Task brief:
Only the lines below starting at the one that contains "(size w <= size w')%N." and ending at the one that contains "(forall i b, (cphi" are to be reproduced, exactly and with both ends kept.

Dataset excerpts:
(* Let $\lambda,\mu\in P^+$ be such that $\langle\alpha_i^\vee,\mu\rangle=0$ whenever $\langle\alpha_i^\vee,\lambda\rangle=0$. If $x\otimes y\in\mathcal{F}(\{b_\lambda\otimes b_\mu\})\subseteq\mathcal{B}(\lambda)\otimes\mathcal{B}(\mu)$ and $x\in\mathcal{B}_w(\lambda)$ for some $w\in W$, then $y\in\mathcal{B}_w(\mu)$.
   Context: $\mathfrak g$ is a complex semisimple Lie algebra with Dynkin index set $I$, simple coroots $\alpha_i^\vee$, dominant weights $P^+$, Weyl group $W$ generated by simple reflections $s_i$. For $\lambda\in P^+$, $\mathcal{B}(\lambda)$ is Kashiwara's crystal of the irreducible module of highest weight $\lambda$ with operators $e_i,f_i$, $\varepsilon_i(b)=\max\{k:e_i^k(b)\ne0\}$, $\varphi_i(b)=\max\{k:f_i^k(b)\ne0\}$, and highest weight element $b_\lambda$. For $w$ with any reduced expression $s_{i_1}\cdots s_{i_\ell}$, $\mathcal{B}_w(\lambda)=\{f_{i_1}^{m_1}\cdots f_{i_\ell}^{m_\ell}(b_\lambda):m_j\ge0\}\setminus\{0\}$. Tensor product rule: $e_i(b_1\otimes b_2)=e_i(b_1)\otimes b_2$ if $\varepsilon_i(b_2)\le\varphi_i(b_1)$, else $b_1\otimes e_i(b_2)$; $f_i(b_1\otimes b_2)=f_i(b_1)\otimes b_2$ if $\varepsilon_i(b_2)<\varphi_i(b_1)$, else $b_1\otimes f_i(b_2)$. $\mathcal{F}(\{b\})$ denotes the set of all nonzero elements obtained from $b$ by applying finite sequences of the operators $f_i$, $i\in I$ (including $b$ itself). *)

From mathcomp Require Import all_boot all_order all_algebra.
Set Implicit Arguments. Unset Strict Implicit. Unset Printing Implicit Defensive.
Import Order.TTheory GRing.Theory Num.Theory.
Local Open Scope ring_scope.

(** The semisimple Lie algebra g is encoded by its Cartan
    matrix A : 'M[int]_n (index set I = 'I_n), with A i j = <alpha_i^v, alpha_j>.
    Weights are written in the basis of fundamental weights, so a weight is a
    function 'I_n -> int with  <alpha_i^v, v> = v i;  dominant weights P^+ are
    the functions 'I_n -> nat. *)

(** Cartan matrix of finite type (= Cartan matrix of a complex semisimple Lie
    algebra): generalized Cartan matrix which is symmetrizable with positive
    definite symmetrization. *)
Definition cartan_finite (n : nat) (A : 'M[int]_n) : Prop :=
  [/\ (forall i, A i i = 2),
      (forall i j, i != j -> A i j <= 0),
      (forall i j, A i j = 0 <-> A j i = 0) &
      exists d : 'I_n -> rat,
        [/\ (forall i, 0 < d i),
            (forall i j, d i * (A i j)%:~R = d j * (A j i)%:~R) &
            (forall v : 'I_n -> rat, (exists i, v i != 0) ->
               0 < \sum_i \sum_j v i * d i * (A i j)%:~R * v j)]].

Definition weight (n : nat) := 'I_n -> int.

Definition alpha (n : nat) (A : 'M[int]_n) (j : 'I_n) : weight n := fun i => A i j.

(** Weyl group: simple reflection s_i v = v - <alpha_i^v, v> alpha_i,
    words act by s_{i1} ( ... (s_{il} v)). *)
Definition sref (n : nat) (A : 'M[int]_n) (i : 'I_n) (v : weight n) : weight n :=
  fun j => v j - v i * A j i.

Definition wact (n : nat) (A : 'M[int]_n) (w : seq 'I_n) (v : weight n) : weight n :=
  foldr (fun i u => sref A i u) v w.

Definition reduced (n : nat) (A : 'M[int]_n) (w : seq 'I_n) : Prop :=
  forall w' : seq 'I_n, (forall v j, wact A w' v j = wact A w v j) ->
    (size w <= size w')%N.

(** Crystal data: carrier, weight, Kashiwara operators (None = 0),
    epsilon and phi. *)
Record crystal_data (n : nat) := CrystalData {
  cB : Type;
  cwt : cB -> weight n;
  ce : 'I_n -> cB -> option cB;
  cf : 'I_n -> cB -> option cB;
  ceps : 'I_n -> cB -> nat;
  cphi : 'I_n -> cB -> nat }.
Arguments cB {n} c.
Arguments cwt {n} c _ _.
Arguments ce {n} c _ _.
Arguments cf {n} c _ _.
Arguments ceps {n} c _ _.
Arguments cphi {n} c _ _.

Definition oiter (T : Type) (g : T -> option T) (k : nat) (b : T) : option T :=
  iter k (fun o => obind g o) (Some b).

(** Seminormal crystal: Kashiwara's crystal axioms with
    eps_i b = max{k | e_i^k b <> 0}, phi_i b = max{k | f_i^k b <> 0}. *)
Definition seminormal (n : nat) (A : 'M[int]_n) (C : crystal_data n) : Prop :=
  [/\ (forall i b b', ce C i b = Some b' <-> cf C i b' = Some b),
      (forall i b b', ce C i b = Some b' ->
          forall j, cwt C b' j = cwt C b j + alpha A i j),
      (forall i b, oiter (ce C i) (ceps C i b) b <> None /\
                   oiter (ce C i) (ceps C i b).+1 b = None),
      (forall i b, oiter (cf C i) (cphi C i b) b <> None /\
                   oiter (cf C i) (cphi C i b).+1 b = None) &
      (forall i b, (cphi C i b)%:Z - (ceps C i b)%:Z = cwt C b i)].

Definition tensor_e (n : nat) (C D : crystal_data n) (i : 'I_n)
    (p : cB C * cB D) : option (cB C * cB D) :=
  if (ceps D i p.2 <= cphi C i p.1)%N
  then omap (fun c => (c, p.2)) (ce C i p.1)
  else omap (fun d => (p.1, d)) (ce D i p.2).

Definition tensor_f (n : nat) (C D : crystal_data n) (i : 'I_n)
    (p : cB C * cB D) : option (cB C * cB D) :=
  if (ceps D i p.2 < cphi C i p.1)%N
  then omap (fun c => (c, p.2)) (cf C i p.1)
  else omap (fun d => (p.1, d)) (cf D i p.2).

Definition tensor_wt (n : nat) (C D : crystal_data n) (p : cB C * cB D) : weight n :=
  fun j => cwt C p.1 j + cwt D p.2 j.

Inductive in_F (n : nat) (T : Type) (f : 'I_n -> T -> option T) (b0 : T) : T -> Prop :=
  | inF0 : in_F f b0 b0
  | inFS i b b' : in_F f b0 b -> f i b = Some b' -> in_F f b0 b'.

(** B_w(lambda) for the word w = [:: i1; ...; il]:
    { f_{i1}^{m1} ... f_{il}^{ml} b0 } \ {0} *)
Definition in_Bw (n : nat) (T : Type) (f : 'I_n -> T -> option T) (b0 : T)
    (w : seq 'I_n) (b : T) : Prop :=
  exists ms : seq nat, size ms = size w /\
    foldr (fun im o => obind (oiter (f im.1) im.2) o) (Some b0) (zip w ms) = Some b.

Arguments tensor_e {n} C D i p.
Arguments tensor_f {n} C D i p.
Arguments tensor_wt {n} C D p _.
Arguments in_F {n T} f b0 _.
Arguments in_Bw {n T} f b0 w b.
Arguments oiter {T} g k b.

Definition nat_wt (n : nat) (l : 'I_n -> nat) : weight n := fun i => (l i)%:Z.

(** Kashiwara's family {B(lambda)}_{lambda in P^+}, characterised (Joseph's
    uniqueness theorem) as a family of seminormal highest weight crystals
    B(lambda) with highest weight element b_lambda of weight lambda, such that
    the subcrystal of B(lambda) (x) B(mu) generated by b_lambda (x) b_mu is
    isomorphic to B(lambda+mu). *)
Definition kashiwara_family (n : nat) (A : 'M[int]_n)
    (B : ('I_n -> nat) -> crystal_data n) (hw : forall l, cB (B l)) : Prop :=
  [/\ (forall l, seminormal A (B l)),
      (forall l j, cwt (B l) (hw l) j = nat_wt l j),
      (forall l i, ce (B l) i (hw l) = None),
      (forall l b, in_F (cf (B l)) (hw l) b) &
      (forall l m, exists g : cB (B l) * cB (B m) -> cB (B (fun i => l i + m i)%N),
        [/\ g (hw l, hw m) = hw _,
            (forall p q, in_F (tensor_f (B l) (B m)) (hw l, hw m) p ->
               in_F (tensor_f (B l) (B m)) (hw l, hw m) q -> g p = g q -> p = q),
            (forall b, exists2 p, in_F (tensor_f (B l) (B m)) (hw l, hw m) p & g p = b) &
            (forall p, in_F (tensor_f (B l) (B m)) (hw l, hw m) p ->
               [/\ (forall j, cwt _ (g p) j = tensor_wt (B l) (B m) p j),
                   (forall i, omap g (tensor_f (B l) (B m) i p) = cf _ i (g p)) &
                   (forall i, omap g (tensor_e (B l) (B m) i p) = ce _ i (g p))])])].
Arguments kashiwara_family {n} A B hw.
Arguments seminormal {n} A C.
Arguments reduced {n} A w.

From mathcomp Require Import all_boot all_order all_algebra.
Set Implicit Arguments. Unset Strict Implicit. Unset Printing Implicit Defensive.
Import GRing.Theory.

(* Let C be the set of elements of the component of B(l) (x) B(m) generated
   by b_l (x) b_m.  Since this component is isomorphic to the crystal B(l+m),
   in which every element lies in F({b_{l+m}}), C is also closed under the
   operators e_i.  Now let (x, y) be in C with x = f_i^k x'.  Applying e_i to
   (x, y) repeatedly strips the k operators f_i off the first factor, possibly
   interleaved with some e_i acting on the second factor; this produces
   (x', y') in C with y = f_i^b y'.  Peeling the word w = i_1 ... i_r off x in
   this way reduces to an element (b_l, y'') of C, and the support condition
   forces y'' = b_m. *)

Section OptionIteration.
Variables (T : Type) (g : T -> option T).

Lemma oiterS k b : oiter g k.+1 b = obind g (oiter g k b).
Proof. by []. Qed.

Lemma oiterD k1 k2 b : oiter g (k1 + k2) b = obind (oiter g k1) (oiter g k2 b).
Proof.
elim: k1 => [|k1 IHk]; first by case: (oiter g k2 b).
by rewrite addSn oiterS IHk; case: (oiter g k2 b).
Qed.

Lemma oiterSr k b : oiter g k.+1 b = obind (oiter g k) (g b).
Proof. by rewrite -addn1 oiterD. Qed.

Lemma oiter_None_leq k k' b :
  oiter g k b = None -> (k <= k')%N -> oiter g k' b = None.
Proof. by move=> gk /subnK <-; rewrite oiterD gk. Qed.

Lemma oiter_max_succ (N : T -> nat) :
    (forall b, oiter g (N b) b <> None /\ oiter g (N b).+1 b = None) ->
  forall b b', g b = Some b' -> N b = (N b').+1.
Proof.
move=> maxN b b' gb; have [Nb_def Nb_max] := maxN b; have [Nb'_def Nb'_max] := maxN b'.
case Nb: (N b) Nb_def Nb_max => [|k]; first by rewrite oiterSr gb.
rewrite oiterSr gb => gk; rewrite oiterSr gb => gk1; congr _.+1.
case: (ltngtP (N b') k) => // [lt|gt].
- by case: (gk (oiter_None_leq Nb'_max lt)).
- by case: (Nb'_def (oiter_None_leq gk1 gt)).
Qed.

End OptionIteration.

Section Seminormal.
Variables (n : nat) (A : 'M[int]_n) (C : crystal_data n).
Hypothesis C_sn : seminormal A C.

Lemma ce_cf i b b' : ce C i b = Some b' <-> cf C i b' = Some b.
Proof. by case: C_sn. Qed.

Lemma ceps_ce i b b' : ce C i b = Some b' -> ceps C i b = (ceps C i b').+1.
Proof. by case: C_sn => _ _ maxe _ _; exact: (oiter_max_succ (maxe i)). Qed.

Lemma cphi_cf i b b' : cf C i b = Some b' -> cphi C i b = (cphi C i b').+1.
Proof. by case: C_sn => _ _ _ maxf _; exact: (oiter_max_succ (maxf i)). Qed.

Lemma ceps_gt0 i b : (0 < ceps C i b)%N -> exists b', ce C i b = Some b'.
Proof.
case: C_sn => _ _ maxe _ _; have [+ _] := maxe i b.
case: (ceps C i b) => [|k] // + _; rewrite oiterSr.
by case: (ce C i b) => [b'|] // _; exists b'.
Qed.

Lemma ceps_eq0 i b : ce C i b = None -> ceps C i b = 0%N.
Proof.
case: C_sn => _ _ maxe _ _ eb; have [+ _] := maxe i b.
by case: (ceps C i b) => [|k] //; rewrite oiterSr eb.
Qed.

Lemma cf_None i b : cphi C i b = 0%N -> cf C i b = None.
Proof. by case: C_sn => _ _ _ maxf _ phi0; have [_] := maxf i b; rewrite phi0. Qed.

End Seminormal.

Lemma tensor_f_e n (A : 'M[int]_n) (C D : crystal_data n) :
    seminormal A C -> seminormal A D ->
  forall i p q, tensor_f C D i p = Some q -> tensor_e C D i q = Some p.
Proof.
move=> C_sn D_sn i [x y] q; rewrite /tensor_f /tensor_e /=.
case: ltnP => [lt_eps_phi|le_phi_eps].
- case fx: (cf C i x) => [x'|] //= [<-] /=.
  rewrite -ltnS -(cphi_cf C_sn fx) lt_eps_phi.
  by have -> : ce C i x' = Some x by apply/(ce_cf C_sn).
- case fy: (cf D i y) => [y'|] //= [<-] /=.
  have ey' : ce D i y' = Some y by apply/(ce_cf D_sn).
  by rewrite (ceps_ce D_sn ey') ltnNge le_phi_eps ey'.
Qed.

Section KashiwaraFamily.
Variables (n : nat) (A : 'M[int]_n)
  (B : ('I_n -> nat) -> crystal_data n) (hw : forall l, cB (B l)).
Hypothesis B_kf : kashiwara_family A B hw.

Let B_sn l : seminormal A (B l).
Proof. by case: B_kf. Qed.

Lemma ceps_hw l i : ceps (B l) i (hw l) = 0%N.
Proof. by case: B_kf => _ _ hw_e _ _; exact: (ceps_eq0 (B_sn l) (hw_e l i)). Qed.

Lemma cphi_hw l i : cphi (B l) i (hw l) = l i.
Proof.
case: B_kf => _ hw_wt _ _ _; case: (B_sn l) => _ _ _ _ phi_eps.
by have := phi_eps i (hw l); rewrite ceps_hw subr0 hw_wt => -[].
Qed.

Variables l m : 'I_n -> nat.

Let component p := in_F (tensor_f (B l) (B m)) (hw l, hw m) p.

Lemma component_closed_e i p q :
  component p -> tensor_e (B l) (B m) i p = Some q -> component q.
Proof.
case: B_kf => _ _ _ _ iso; have [g [_ g_inj g_onto g_morph]] := iso l m.
move=> Cp ep; have [_ _ g_e] := g_morph p Cp.
have fgq : cf _ i (g q) = Some (g p) by apply/(ce_cf (B_sn _)); rewrite -g_e ep.
have [q' Cq' gq'] := g_onto (g q); have [_ g_f _] := g_morph q' Cq'.
move: (g_f i); rewrite gq' fgq.
case fq': (tensor_f _ _ i q') => [p'|] //= [gp'].
have Cp' : component p' by apply: inFS Cq' fq'.
have {gp'} p'p := g_inj _ _ Cp' Cp gp'; subst p'.
by move: (tensor_f_e (B_sn l) (B_sn m) fq'); rewrite ep => -[->].
Qed.

Lemma component_e_first i x x' y :
    component (x, y) -> ce (B l) i x = Some x' ->
  exists y' b, component (x', y') /\ oiter (cf (B m) i) b y' = Some y.
Proof.
move=> Cxy ex; have [N] := ubnP (ceps (B m) i y).
elim: N y Cxy => [|N IHN] y Cxy lt_eps_N //.
case: (leqP (ceps (B m) i y) (cphi (B l) i x)) => [le_eps_phi|lt_phi_eps].
  exists y, 0%N; split=> //.
  by apply: (component_closed_e (i := i) Cxy); rewrite /tensor_e /= le_eps_phi ex.
have [y1 ey] := ceps_gt0 (B_sn m) (leq_ltn_trans (leq0n _) lt_phi_eps).
have Cxy1 : component (x, y1).
  by apply: (component_closed_e (i := i) Cxy); rewrite /tensor_e /= leqNgt lt_phi_eps ey.
have lt_eps1_N : (ceps (B m) i y1 < N)%N by rewrite -ltnS -(ceps_ce (B_sn m) ey).
have [y' [b [Cx'y' fby']]] := IHN y1 Cxy1 lt_eps1_N.
exists y', b.+1; split=> //.
by rewrite oiterS fby' /=; apply/(ce_cf (B_sn m)).
Qed.

Lemma component_oiter_first i k x x' y :
    component (x, y) -> oiter (cf (B l) i) k x' = Some x ->
  exists y' b, component (x', y') /\ oiter (cf (B m) i) b y' = Some y.
Proof.
elim: k x y => [|k IHk] x y Cxy; first by move=> [->]; exists y, 0%N.
rewrite oiterS; case fkx': (oiter _ k x') => [x1|] //= fx1.
have ex : ce (B l) i x = Some x1 by apply/(ce_cf (B_sn l)).
have [y1 [b1 [Cx1y1 fb1y1]]] := component_e_first Cxy ex.
have [y' [b2 [Cx'y' fb2y']]] := IHk x1 y1 Cx1y1 fkx'.
by exists y', (b1 + b2)%N; rewrite oiterD fb2y'.
Qed.

Hypothesis lm_supp : forall i, l i = 0%N -> m i = 0%N.

Lemma component_hw_first p : component p -> p.1 = hw l -> p.2 = hw m.
Proof.
elim=> [//|i [x y] p' _ IH]; rewrite /tensor_f /=.
case: ltnP => [_|le_phi_eps].
- case fx: (cf _ i x) => [x'|] //= [<-] /= x'hw.
  by have := (ce_cf (B_sn l) _ _ _).2 fx; rewrite x'hw; case: B_kf => _ _ -> _ _.
- case fy: (cf _ i y) => [y'|] //= [<-] /= xhw.
  have yhw : y = hw m := IH xhw.
  rewrite xhw yhw ceps_hw cphi_hw leqn0 in le_phi_eps.
  have phi0 : cphi (B m) i y = 0%N by rewrite yhw cphi_hw lm_supp //; apply/eqP.
  by rewrite (cf_None (B_sn m) phi0) in fy.
Qed.

Lemma component_Bw w x y : component (x, y) ->
  in_Bw (cf (B l)) (hw l) w x -> in_Bw (cf (B m)) (hw m) w y.
Proof.
elim: w x y => [|i w IHw] x y Cxy [[|k ks] []] //= => [_ [xhw]|[size_ks]].
  exists [::]; split=> //=.
  by have /= -> := component_hw_first Cxy (esym xhw).
case fks: (foldr _ _ (zip w ks)) => [x'|] //= fkx'.
have [y' [b [Cx'y' fby']]] := component_oiter_first Cxy fkx'.
have [bs [size_bs fbs]] := IHw x' y' Cx'y' (ex_intro _ ks (conj size_ks fks)).
by exists (b :: bs); rewrite /= size_bs fbs.
Qed.

End KashiwaraFamily.

Theorem lemma9p1 (n : nat) (A : 'M[int]_n)
    (B : ('I_n -> nat) -> crystal_data n) (hw : forall l, cB (B l)) :
  cartan_finite A -> kashiwara_family A B hw ->
  forall l m : 'I_n -> nat,
    (forall i, l i = 0%N -> m i = 0%N) ->
  forall (x : cB (B l)) (y : cB (B m)),
    in_F (tensor_f (B l) (B m)) (hw l, hw m) (x, y) ->
  forall w : seq 'I_n, reduced A w ->
    in_Bw (cf (B l)) (hw l) w x -> in_Bw (cf (B m)) (hw m) w y.
Proof.
move=> _ B_kf l m lm_supp x y Cxy w _.
exact: (component_Bw B_kf lm_supp Cxy).
Qed.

Exercise answer:
    (size w <= size w')%N.

(** Crystal data: carrier, weight, Kashiwara operators (None = 0),
    epsilon and phi. *)
Record crystal_data (n : nat) := CrystalData {
  cB : Type;
  cwt : cB -> weight n;
  ce : 'I_n -> cB -> option cB;
  cf : 'I_n -> cB -> option cB;
  ceps : 'I_n -> cB -> nat;
  cphi : 'I_n -> cB -> nat }.
Arguments cB {n} c.
Arguments cwt {n} c _ _.
Arguments ce {n} c _ _.
Arguments cf {n} c _ _.
Arguments ceps {n} c _ _.
Arguments cphi {n} c _ _.

Definition oiter (T : Type) (g : T -> option T) (k : nat) (b : T) : option T :=
  iter k (fun o => obind g o) (Some b).

(** Seminormal crystal: Kashiwara's crystal axioms with
    eps_i b = max{k | e_i^k b <> 0}, phi_i b = max{k | f_i^k b <> 0}. *)
Definition seminormal (n : nat) (A : 'M[int]_n) (C : crystal_data n) : Prop :=
  [/\ (forall i b b', ce C i b = Some b' <-> cf C i b' = Some b),
      (forall i b b', ce C i b = Some b' ->
          forall j, cwt C b' j = cwt C b j + alpha A i j),
      (forall i b, oiter (ce C i) (ceps C i b) b <> None /\
                   oiter (ce C i) (ceps C i b).+1 b = None),
      (forall i b, oiter (cf C i) (cphi C i b) b <> None /\
                   oiter (cf C i) (cphi C i b).+1 b = None) &
      (forall i b, (cphi C i b)%:Z - (ceps C i b)%:Z = cwt C b i)].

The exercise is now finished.